Transcriptome expression data from The Cancer Genome Atlas database and Gene Expression Omnibus were analyzed to identify differentially expressed genes between glioblastoma and normal tissues. Biological pathways potentially associated with the differentially expressed genes were explored by Gene Ontology and Kyoto Encyclopedia of Genes and Genomes pathway analysis, and a protein-protein interaction network was established using the STRING database and Cytoscape. Survival analysis using Gene Expression Profiling Interactive Analysis was based on the Kaplan-Meier curve method. A ceRNA network chain was established using the intersection method to align data from four databases (miRTarBase, miRcode, TargetScan, and lncBace2.0), and expression differences and correlations were verified by quantitative reverse-transcription polymerase chain reaction analysis and by determining the Pearson correlation coefficient.
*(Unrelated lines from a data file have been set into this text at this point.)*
Lemma mprodv_odd_block_sqr i :
  mprodv mul (odd_block i) (odd_block i) = 0%VS \/
  mprodv mul (odd_block i) (odd_block i) = S i.
Proof.
have [_ _ minS] := S_minimal i.
have [[sShA1 sAShSh sShASh] _ _] := odd_block_irreducible i.
have idShSh : ideal (mprodv mul (odd_block i) (odd_block i)).
  apply: idealP => [|a x A0a ShShx].
    by apply: mprodv_subv => y z /(subvP sShA1) A1y /(subvP sShA1); apply: mul11.
  split; [apply: (subvP (mprodvS sAShSh (subvv _))) | apply: (subvP (mprodvS (subvv _) sShASh))].
    by rewrite mprodvA memv_mprodv.
  by rewrite -mprodvA memv_mprodv.
apply: (minS _ idShSh).
rewrite -{1}(mprodv_S_odd_block i).1 mprodvA.
by apply: subv_trans (mprodvS (subvv _) (ideal_subv idShSh)) _; case: (ideal_S i).
Qed.

Lemma mprodv_odd_null_block i :
  mprodv mul odd_null (odd_block i) = 0%VS /\
  mprodv mul (odd_block i) odd_null = 0%VS.
Proof.
have S_null s z : s \in S i -> z \in odd_null -> mul s z = 0 /\ mul z s = 0.
  by move=> Ss; apply: ideal_orth1_mul ideal_sumS _; apply: (sumv_sup i).
split.
  rewrite -(mprodv_S_odd_block i).1 -mprodvA.
  suff -> : mprodv mul odd_null (S i) = 0%VS by apply: mprod0v.
  by apply/mprodv_eq0 => z s Nhz Ss; have [] := S_null s z Ss Nhz.
rewrite -(mprodv_S_odd_block i).2 mprodvA.
suff -> : mprodv mul (S i) odd_null = 0%VS by apply: mprodv0.
by apply/mprodv_eq0 => s z Ss Nhz; have [] := S_null s z Ss Nhz.
Qed.

Lemma mprodv_odd_null_sqr : (mprodv mul odd_null odd_null <= annA0)%VS.
Proof.
apply: mprodv_subv => y z Nhy Nhz; apply/is_Ann_annA0.
have A1y := subvP (orthv_subv B A1 _) _ Nhy; have A1z := subvP (orthv_subv B A1 _) _ Nhz.
split=> [|a A0a]; first exact: mul11.
have [_ za0] := odd_null_mul Nhz A0a; have [ay0 _] := odd_null_mul Nhy A0a.
by rewrite mulA za0 mulm0 -mulA ay0 mul0m.
Qed.

(* An element of [A0] orthogonal to all the blocks lies in every
   [compl_block i] and in [\sum_i S i], so it annihilates [A0]; it then lies
   in [(\sum_i S i) :&: Ann(A0) = 0]. *)
Lemma orth0_odd_blocks : orth0 (\sum_i odd_block i + odd_null) = 0%VS.
Proof.
apply/eqP; rewrite -subv0; apply/subvP => x /memv_orthv[A0x x_orth].
rewrite -sumS_cap_annA0.
have x_in_orth0 U : (U <= A0)%VS -> (orth1 U <= \sum_i odd_block i + odd_null)%VS ->
    x \in U.
  move=> sUA0 sU; rewrite -(orth0_orth1 sUA0); apply/memv_orthv; split=> // z Uz.
  by apply: x_orth; apply: (subvP sU).
have Cx : x \in (\sum_i S i)%VS by apply: x_in_orth0; rewrite ?ideal_subv ?addvSr.
rewrite memv_cap Cx; apply/is_Ann_annA0; split=> // a.
have Cix i : x \in compl_block i.
  apply: x_in_orth0; first exact: ideal_subv (ideal_compl_block i).
  by apply: subv_trans (addvSl _ _); apply: (sumv_sup i).
have S_x i s : s \in S i -> mul x s = 0 /\ mul s x = 0.
  move=> Ss; have [idS idCi] := (ideal_S i, ideal_compl_block i).
  have A0s := subvP (ideal_subv idS) _ Ss.
  split; apply/eqP; rewrite -memv0 -(S_cap_compl_block i) memv_cap.
    by rewrite (idealMl idS A0x Ss) (idealMr idCi A0s (Cix i)).
  by rewrite (idealMr idS A0x Ss) (idealMl idCi A0s (Cix i)).
rewrite A0_sum => /memv_addP[c /memv_sumP[cs Scs ->] [m Nm ->]].
have [xm0 mx0] := annA0_mul Nm A0x.
rewrite mulmDl mulmDr mulm_suml mulm_sumr xm0 mx0 !addr0.
by split; apply: big1 => i _; have [] := S_x i (cs i) (Scs i isT).
Qed.

Lemma odd_decomposition :
  A1 = (\sum_i odd_block i + odd_null)%VS /\ directv (\sum_i odd_block i + odd_null).
Proof.
have sTA1 : (\sum_i odd_block i + odd_null <= A1)%VS.
  by rewrite subv_add orthv_subv andbT; apply/subv_sumP => i _; apply: orthv_subv.
have dimT := dim_orth0 sTA1; rewrite orth0_odd_blocks dimv0 add0n dim_even_odd in dimT.
have A1_T : A1 = (\sum_i odd_block i + odd_null)%VS.
  by apply/esym/eqP; rewrite eqEdim sTA1 dimT leqnn.
split=> //; rewrite directvE /= -A1_T -dim_even_odd dim_A0_blocks dim_odd_null.
by rewrite (eq_bigr _ (fun i _ => dim_odd_block i)).
Qed.

End Blocks.

End OddSymmetricSuperalgebra.

Unset Implicit Arguments.
Local Open Scope vspace_scope.

Theorem mainTheorem12 (F : closedFieldType) (A : vectType F)
    (A0 A1 : {vspace A}) (mul : A -> A -> A) (B : A -> A -> F) :
  [pchar F] =i pred0 ->
  superalgebra A0 A1 mul ->
  odd_symmetric A0 A1 mul B ->
  semisimple_bimodule A0 mul A0 ->
  exists (n : nat) (S Sh : 'I_n -> {vspace A}) (N Nh : {vspace A}),
    [/\ (forall i, ideal_of mul A0 (S i) /\ simple_alg mul (S i)),
        is_Ann mul A0 N,
        (forall i, irreducible_bimodule A0 mul A1 (Sh i)),
        sub_bimodule A0 mul A1 Nh /\
          mprodv mul A0 Nh = 0%VS /\ mprodv mul Nh A0 = 0%VS &
        [/\ (A0 = (\sum_i S i + N)%VS /\ directv (\sum_i S i + N)) /\
            (A1 = (\sum_i Sh i + Nh)%VS /\ directv (\sum_i Sh i + Nh)),
            (forall i j, i != j ->
               mprodv mul (Sh i) (Sh j) = 0%VS /\ mprodv mul (Sh j) (Sh i) = 0%VS),
            (forall i, mprodv mul (Sh i) (Sh i) = 0%VS \/
                       mprodv mul (Sh i) (Sh i) = S i),
            (forall i, mprodv mul Nh (Sh i) = 0%VS /\ mprodv mul (Sh i) Nh = 0%VS) &
            (mprodv mul Nh Nh <= N)%VS]].
Proof.
move=> _ sup sym ss.
have [n [S [S_props A0_sum A0_direct]]] := even_decomposition sup sym ss.
have S_minimal i : minimal_ideal A0 mul (S i) by case: (S_props i).
have S_capN i : S i :&: annA0 A0 A1 mul B = 0 by case: (S_props i).
exists n, S, (odd_block A0 A1 mul B S), (annA0 A0 A1 mul B), (odd_null A1 B S).
split.
- move=> i; split; first by case: (S_minimal i).
  exact (minimal_ideal_simple sup sym ss (S_minimal i) (S_capN i)).
- exact (is_Ann_annA0 sup sym).
- exact (odd_block_irreducible sup sym S_minimal A0_sum A0_direct).
- split; first exact (odd_null_bimodule sup sym S_minimal).
  exact (mprodv_A0_odd_null sup sym S_minimal A0_sum).
split.
- by split; [split | exact (odd_decomposition sup sym S_minimal A0_sum A0_direct)].
- move=> i j neij.
  have Sh0 := mprodv_odd_block sup sym ss S_minimal S_capN A0_sum A0_direct.
  by rewrite !Sh0 // eq_sym.
- exact (mprodv_odd_block_sqr sup sym ss S_minimal S_capN A0_sum A0_direct).
- exact (mprodv_odd_null_block sup sym ss S_minimal S_capN A0_sum A0_direct).
exact (mprodv_odd_null_sqr sup sym S_minimal A0_sum).
Qed.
Additionally, an MTS assay and the wound-healing and transwell assays were performed to evaluate the effects of complement C1s (C1S) on the viability and migration and invasion abilities of glioblastoma cells, respectively.
We detected 2842 differentially expressed (DE) mRNAs, 2577 DE long non-coding RNAs (lncRNAs), and 309 DE microRNAs (miRNAs) that were dysregulated in glioblastoma. The final ceRNA network consisted of six specific lncRNAs, four miRNAs, and four mRNAs. Among them, four DE mRNAs and one DE lncRNA were correlated with overall survival (p < 0.05). C1S was significantly correlated with overall survival (p= 0.015). In functional assays, knockdown of C1S inhibited the proliferation and invasion of glioblastoma cell lines.
We established four ceRNA networks that may influence the occurrence and development of glioblastoma. Among them, the MIR155HG/has-miR-129-5p/C1S axis is a potential marker and therapeutic target for glioblastoma. Knockdown of C1S inhibited the proliferation, migration, and invasion of glioblastoma cells. These findings clarify the role of the ceRNA regulatory network in glioblastoma and provide a foundation for further research.
胶质母细胞瘤是最常见的原发性恶性脑肿瘤。由于对其发病机制的了解有限,胶质母细胞瘤的预后仍然很差。本研究旨在通过综合生物信息学分析,探索胶质母细胞瘤中潜在的竞争性内源性RNA(ceRNA)网络链和生物标志物。
分析来自癌症基因组图谱数据库和基因表达综合数据库的转录组表达数据,以鉴定胶质母细胞瘤与正常组织之间差异表达的基因。通过基因本体论和京都基因与基因组百科全书通路分析,探索与差异表达基因潜在相关的生物学通路,并使用STRING数据库和Cytoscape建立蛋白质-蛋白质相互作用网络。使用基因表达谱交互式分析进行的生存分析基于Kaplan-Meier曲线法。使用交集法建立ceRNA网络链,以对齐来自四个数据库(miRTarBase、miRcode、TargetScan和lncBace2.0)的数据,并通过定量逆转录聚合酶链反应分析和确定Pearson相关系数来验证表达差异和相关性。此外,进行MTS试验以及伤口愈合试验和Transwell试验,分别评估补体C1s(C1S)对胶质母细胞瘤细胞活力、迁移和侵袭能力的影响。
我们检测到在胶质母细胞瘤中失调的2842个差异表达(DE)mRNA、2577个DE长链非编码RNA(lncRNA)和309个DE微小RNA(miRNA)。最终的ceRNA网络由六个特定的lncRNA、四个miRNA和四个mRNA组成。其中,四个DE mRNA和一个DE lncRNA与总生存期相关(p<0.05)。C1S与总生存期显著相关(p=0.015)。在功能试验中,敲低C1S可抑制胶质母细胞瘤细胞系的增殖和侵袭。
我们建立了四个可能影响胶质母细胞瘤发生和发展的ceRNA网络。其中,MIR155HG/has-miR-129-5p/C1S轴是胶质母细胞瘤的潜在标志物和治疗靶点。敲低C1S可抑制胶质母细胞瘤细胞的增殖、迁移和侵袭。这些发现阐明了ceRNA调控网络在胶质母细胞瘤中的作用,并为进一步研究提供了基础。